001-PP-PLAN-repo-blueprint.md (mission, boundaries, architecture)
002-PP-PLAN-epic-build-plan.md (ten-epic breakdown)
003-TQ-STND-privacy-model.md (privacy guarantees)
004-AT-ADEC-architecture-decisions.md (why things are shaped this way)

Understanding a new repo required reading predictable documents in a predictable order. The cognitive load for moving between repositories was minimal.

3. Shared Notes

When a pattern emerged that applied across multiple repos, it was documented once and linked from affected repos. When multiple repos needed to validate configuration, a shared note on Configuration Freezing Patterns was filed. Each repo referenced it, preventing copy-paste divergence. The pattern parallels the Orleans grain abstraction Bernstein and colleagues described for distributed systems⁷: the canonical definition lives in one place, and every consumer holds a reference, not a copy.

Quality Metrics: What a Human Reviewer Would Find

Zero RuboCop offenses across all ten repositories is notable but expected. More interesting are the quality choices.

Adversarial Testing

Every safety rule gets tested by code that tries to break it. The methodology follows the language-model red-teaming pattern Perez and colleagues introduced at EMNLP 2022⁹: the system under test is also a participant in the test design, and the tests deliberately target the rules the system is supposed to enforce.

Example from wild-admin-tools-mcp: the safety rule is never bypass the capability gate.

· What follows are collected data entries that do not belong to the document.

(* Let $n\ge 2$, $\gamma<1$ real and $z_1,\dots,z_n\in\mathbb{C}$ not all zero with $\frac{\gamma}{n}\big(\sum_\ell z_\ell\big)^2=\sum_\ell z_\ell^2$; write $z_\ell=\alpha_\ell+i\beta_\ell$ and $\vec\alpha=(\alpha_\ell)$, $\vec\beta=(\beta_\ell)$, $\mathbf 1=(1,\dots,1)\in\mathbb{R}^n$. The following are equivalent: (a) there are $a,b,c\in\mathbb{R}$, not all zero, with $a\vec\alpha+b\vec\beta+c\mathbf 1=0$; (b) there is $\lambda\in\mathbb{C}\setminus\{0\}$ with $\lambda z_\ell=\alpha'_\ell+i\beta$ for all $\ell$, where $\alpha'_\ell\in\mathbb{R}$ and $\beta\in\mathbb{R}$ is independent of $\ell$; (c) $n\sum_\ell|z_\ell|^2+(\gamma-2)\big|\sum_\ell z_\ell\big|^2=0$. Moreover, in case (b) necessarily $\beta\ne0$, $\sum_\ell\alpha'_\ell=0$ and $\gamma=1-\frac{1}{n\beta^2}\sum_\ell\alpha_\ell'^2$. Also, if $\sum_\ell z_\ell\ne0$ there is $\lambda\in\mathbb{C}\setminus\{0\}$ such that $w_\ell=\lambda z_\ell$ satisfy $\sum\operatorname{Re}w_\ell=1$, $\sum\operatorname{Im}w_\ell=0$, $\sum\operatorname{Re}w_\ell\operatorname{Im}w_\ell=0$. *)

(* Complex numbers are modelled by an arbitrary
   numClosedFieldType C (e.g. algC); the reals are its real elements
   (x \is Num.real), real/imaginary parts are 'Re / 'Im. *)
From HB Require Import structures.
From mathcomp Require Export all_boot all_order all_algebra.
Set Implicit Arguments. Unset Strict Implicit. Unset Printing Implicit Defensive.

From HB Require Import structures.
From mathcomp Require Import all_boot all_order all_algebra.
From mathcomp Require Import ring.
Import Order.TTheory GRing.Theory Num.Theory.
Local Open Scope ring_scope.
Set Implicit Arguments. Unset Strict Implicit. Unset Printing Implicit Defensive.

(* Write z_l = x_l + i y_l and P = sum x_l, Q = sum y_l.  Taking real and
   imaginary parts, the hypothesis (gamma/n) (sum z)^2 = sum z^2 says
   (gamma/n)(P^2 - Q^2) = sum (x^2 - y^2) and (gamma/n) P Q = sum x y.
   Everything then follows from two elementary facts about real vectors:
   the expansion of sum (a x + b y + c)^2 into second moments, and the
   Cauchy-Schwarz inequality P^2 <= n sum x^2, which shows that a real vector
   satisfying the hypothesis with gamma < 1 is zero.
   - (a) <-> (b): the real relation a x + b y + c = 0 says exactly that
     Im ((b + i a) z_l) = -c for all l (no use of the hypothesis).
   - (b) gives P = 0, beta <> 0 and the formula for gamma (for the rotated
     vector lam z, which satisfies the same hypothesis); substituting these
     moments shows that the "norm defect" in (c) vanishes, and the defect
     only scales by |lam|^2 under rotation, whence (c).
   - (c) determines n sum x^2 and n sum y^2; then the affine combination
     n P x_l + n Q y_l - (P^2 + Q^2) has vanishing sum of squares, giving (a).
   - The normalisation is the rotation by (sum z)^-1. *)

Lemma sum_affine_sq (R : comPzRingType) (n : nat) (x y : 'I_n -> R) (a b c : R) :
  \sum_l (a * x l + b * y l + c) ^+ 2 =
  a ^+ 2 * \sum_l x l ^+ 2 + b ^+ 2 * \sum_l y l ^+ 2
  + 2%:R * a * b * \sum_l x l * y l
  + 2%:R * a * c * \sum_l x l + 2%:R * b * c * \sum_l y l + c ^+ 2 * n%:R.
Proof.
rewrite (eq_bigr (fun l => a ^+ 2 * x l ^+ 2 + b ^+ 2 * y l ^+ 2
  + 2%:R * a * b * (x l * y l) + 2%:R * a * c * x l + 2%:R * b * c * y l
  + c ^+ 2)); last by move=> l _; ring.
by rewrite !big_split /= -!mulr_sumr sumr_const card_ord mulr_natr expr2 mulrnAr.
Qed.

The test creates a scenario where an action is configured as allowed, but the capability gate denies it for a specific caller. The test verifies that even though the action is configured, the gate denial is respected.

Privacy Invariant Tests

The wild-session-telemetry library claims “twenty-two field patterns must never be stored.” The test creates an event with all twenty-two forbidden fields, feeds it to the ingestion layer, and verifies that after storage, none of those fields exist in the stored record.

Data Contract Tests

Each repo that exports data has tests verifying the output contract. Example from wild-gap-miner: the export schema specifies that gap severity is always in [0.0, 1.0]. The test creates gaps with invalid severity (e.g., 1.5, -0.1) and verifies that the export layer rejects them.

Cross-Repo Integration Tests

When wild-gap-miner depends on output from wild-session-telemetry and wild-transcript-pipeline, integration tests create realistic exports from both upstream repos, feed them to the gap-miner, and verify that analysis runs correctly. These tests prevent contract drift — the same failure mode the SWE-smith authors observed in agent-driven software-engineering benchmarks, where contract changes upstream silently invalidate downstream agent behaviour⁶.

What This Changes

The developer becomes architect. The AI handles implementation depth.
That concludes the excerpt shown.